Y como los icarianos. Hay algo de icariano en el hecho de que la Diada celebre una derrota, un hundimiento.
Los icarianos han desaparecido. Ahora llegan los itaquianos, los que van a Ítaca. Nada de viajar a islas desconocidas, ni cruzar océanos, ni comprar tierras o colonizar lugares remotos. Simplemente, volver a casa después de un largo viaje. Feliz quien, como Ulises, ha hecho un viaje hermoso ("Heureux qui, comme Ulysse, a fait un beau voyage"). Este viaje es la vida, su vida, la de estos itaquianos que la viven con entrega y sacrificio personales, lo cual tiene un efecto movilizador tremendo.

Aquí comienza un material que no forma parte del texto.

(* Let $a,b$ be non-zero constants with $a\neq b$, and let $w=w(x,y,z)$ be a function on an open set $B\subset\mathbb{R}^3$ with continuous second derivatives and $w_x\neq 0$. On $B\times\mathbb{R}^2$ with coordinates $(x,y,z,p_0,p_1)$ consider the bivectors $P_0,P_1$ with components (so that $\{f,g\}_i=\sum_{\alpha,\beta}P_i^{\alpha\beta}\partial_\alpha f\,\partial_\beta g$) \[ P_0= \begin{pmatrix} 0&0&0&-w_z/w_x&-w_y/w_x\\ 0&0&0&0&1\\ 0&0&0&1&0\\ w_z/w_x&0&-1&0&0\\ w_y/w_x&-1&0&0&0 \end{pmatrix}, \qquad P_1= \begin{pmatrix} 0&0&0&0&0\\ 0&0&0&0&b\\ 0&0&0&a&0\\ 0&0&-a&0&0\\ 0&-b&0&0&0 \end{pmatrix}. \] Then $P_0$ and $P_1$ define a compatible Poisson pencil (i.e. $P_0+\lambda P_1$ satisfies the Jacobi identity for all $\lambda$) if and only if $w$ satisfies the dispersionless Hirota equation \[ (b-a)\,w_x w_{yz}+a\, w_y w_{zx}-b\, w_z w_{xy}=0. \]
   Context: A bivector $P$ defines a bracket $\{f,g\}=\sum_{\alpha,\beta}P^{\alpha\beta}\partial_\alpha f\partial_\beta g$; it is Poisson if this bracket satisfies the Jacobi identity. A compatible Poisson pencil is a pair of Poisson bivectors whose every linear combination $P_0+\lambda P_1$ is Poisson. *)

From HB Require Import structures.
From mathcomp Require Import all_boot all_order all_algebra.
From mathcomp Require Import all_classical all_reals all_analysis.
Set Implicit Arguments. Unset Strict Implicit. Unset Printing Implicit Defensive.
Import Order.TTheory GRing.Theory Num.Theory.
Import numFieldNormedType.Exports.
Local Open Scope classical_set_scope.
Local Open Scope ring_scope.
Lemma sign_psum_le t : (forall th, is_sign_seq th -> `|sign_sum th| <= t) ->
  forall th M, is_sign_seq th -> `|psum (fun n => th n * eps n) e M| <= t.
Proof.
move=> sign_le th M th_sign.
(* [th'] agrees with [th] before M and is opposite after, so the two sign
   sums average to the M-th partial sum. *)
pose th' n : R := if (n < M)%N then th n else - th n.
have th'_sign : is_sign_seq th'.
  move=> n; rewrite /th'; case: ifP => _; first exact: th_sign.
  by case: (th_sign n) => ->; [right | left; rewrite opprK].
set c := psum _ e M.
have sum_eq N : (M <= N)%N ->
    psum (fun n => th n * eps n) e N + psum (fun n => th' n * eps n) e N = 2 *: c.
  move=> MN; rewrite -psumD (psum_eq_ge _ _ _ MN) => [|n Mn]; last first.
    by rewrite /th' ltnNge Mn /= mulNr addrN.
  rewrite -psumZ; apply: eq_big_nat => n /andP[_ nM].
  by rewrite /th' nM; congr (_ *: _); lra.
have sign_sumD : sign_sum th + sign_sum th' = 2 *: c.
  pose S N := psum (fun n => th n * eps n) e N + psum (fun n => th' n * eps n) e N.
  have to_sum : S @ \oo --> sign_sum th + sign_sum th'.
    by apply: cvgD; exact: psum_sign_sum.
  have to_c : S @ \oo --> 2 *: c.
    by apply: cvg_near_cst; exists M => // N; exact: sum_eq.
  exact: norm_cvg_unique to_sum to_c.
have : `|2 *: c| <= 2 * t.
  rewrite -sign_sumD (le_trans (ler_normD _ _)) // mulr2n mulrDl mul1r.
  by rewrite lerD // sign_le.
by rewrite normrZ ger0_norm //; lra.
Qed.
(** The sum over a finite partition is [phi C - phi D] for some [C], [D]
    inside the union of the partition (positive and negative pieces). *)
Definition list_union (l : list (O -> Prop)) : O -> Prop := fun x => exists B, In B l /\ B x.

Lemma partition_sum (l : list (O -> Prop)) :
  (forall B, In B l -> Alg B) ->
  (forall i j, (i < j)%nat -> (j < length l)%nat -> disjoint (nth i l set0) (nth j l set0)) ->
  exists C D, Alg C /\ Alg D /\ subset C (list_union l) /\ subset D (list_union l) /\
    Rsum_list (map (fun B => Rabs (phi B)) l) = phi C - phi D.
Proof.
  induction l as [| B l IH]; intros hA hD.
  - exists set0, set0; repeat split; auto with alg; try (intros x []).
    simpl; rewrite (additive_set0 phi Hadd); lra.
  - destruct IH as [C [D [c [d [sc [sd e]]]]]];
      [intros; apply hA; simpl; auto | intros i j h1 h2; apply (hD (S i) (S j)); simpl; lia |].
    assert (b : Alg B) by (apply hA; simpl; auto).
    assert (dB : forall x, B x -> list_union l x -> False).
    { intros x bx [B' [i bx']]; destruct (In_nth l B' set0 i) as [k [k1 k2]].
      refine (hD 0%nat (S k) _ _ x _); simpl; try lia; split; auto; rewrite k2; auto. }
    assert (sub_cons : forall E, subset E (list_union l) -> subset E (list_union (B :: l)))
      by (intros E hE x u; destruct (hE x u) as [B' [i u']]; exists B'; split; simpl; auto).
    assert (B_cons : subset B (list_union (B :: l))) by (intros x u; exists B; simpl; auto).
    simpl; rewrite e; destruct (Rle_lt_dec 0 (phi B)) as [p | p].
    + exists (setU B C), D; split; [| split; [| split; [| split]]]; auto with alg.
      * intros x [u | u]; [apply B_cons | apply (sub_cons C sc)]; auto.
      * rewrite Hadd; [rewrite Rabs_right; lra | auto | auto | intros x [u v]; apply (dB x); auto].
    + exists C, (setU B D); split; [| split; [| split; [| split]]]; auto with alg.
      * intros x [u | u]; [apply B_cons | apply (sub_cons D sd)]; auto.
      * rewrite Hadd; [rewrite Rabs_left; lra | auto | auto | intros x [u v]; apply (dB x); auto].
Qed.

Lemma partition_sum_le A l : is_partition Alg A l ->
  Rsum_list (map (fun B => Rabs (phi B)) l) <= pos_var phi A + pos_var (opp_sf phi) A.
Proof.
  intros [h1 [h2 h3]]; destruct (partition_sum l h1 h2) as [C [D [c [d [sc [sd ->]]]]]].
  assert (phi C <= pos_var phi A) by (apply pos_var_ge; auto; intros x u; apply h3, sc, u).
  assert (opp_sf phi D <= pos_var (opp_sf phi) A)
    by (apply pos_var_ge; auto with alg; intros x u; apply h3, sd, u).
  unfold opp_sf in *; lra.
Qed.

Porque el aparato de propaganda nacional español podrá tachar a Puigdemont de cobarde, de rata que abandona el barco y hasta de Cipolino, según atestigua la ministra de Defensa, pero nada de esto empaña el hecho de que goza de un prestigio y consideración generalizados. Ambos se acrecientan con estos gestos de prescindir del devengo de cantidades que no le corresponden por cuanto considera ser el presidente legítimo de la Generalitat, no el expresidente. Eso se llama actitud de principios y en política no es nada habitual. Como tampoco lo es que unas personas estén dispuestas a ir a la cárcel por defender sus ideas.
Esa actitud de principios es la que emerge en esa curiosa cuestión del acatamiento que se ha convertido en el objeto de la disputa. Puigdemont debería acatar el 155 si quería cobrar la indemnización como expresidente; no acata y, en consecuencia, no cobra. Los otros no se juegan un devengo sino la cárcel y, si París bien vale una misa, la libertad bien vale un triduo, eppur' si mouve. Acatar lo que no cabe evitar es sentido común pero, si se pretende llevar el acatamiento a la zona de íntima de la conciencia, como hacen las inquisiciones y está haciéndose en este caso, el fracaso está asegurado. El acatamiento no es arrepentimiento, como sostienen los medios. Ignoran que el arrepentimiento no es una virtud, según establece Espinoza, porque no procede de la razón.
Ya se sabe que el camino a Ítaca es largo y está lleno de peligros y aventuras.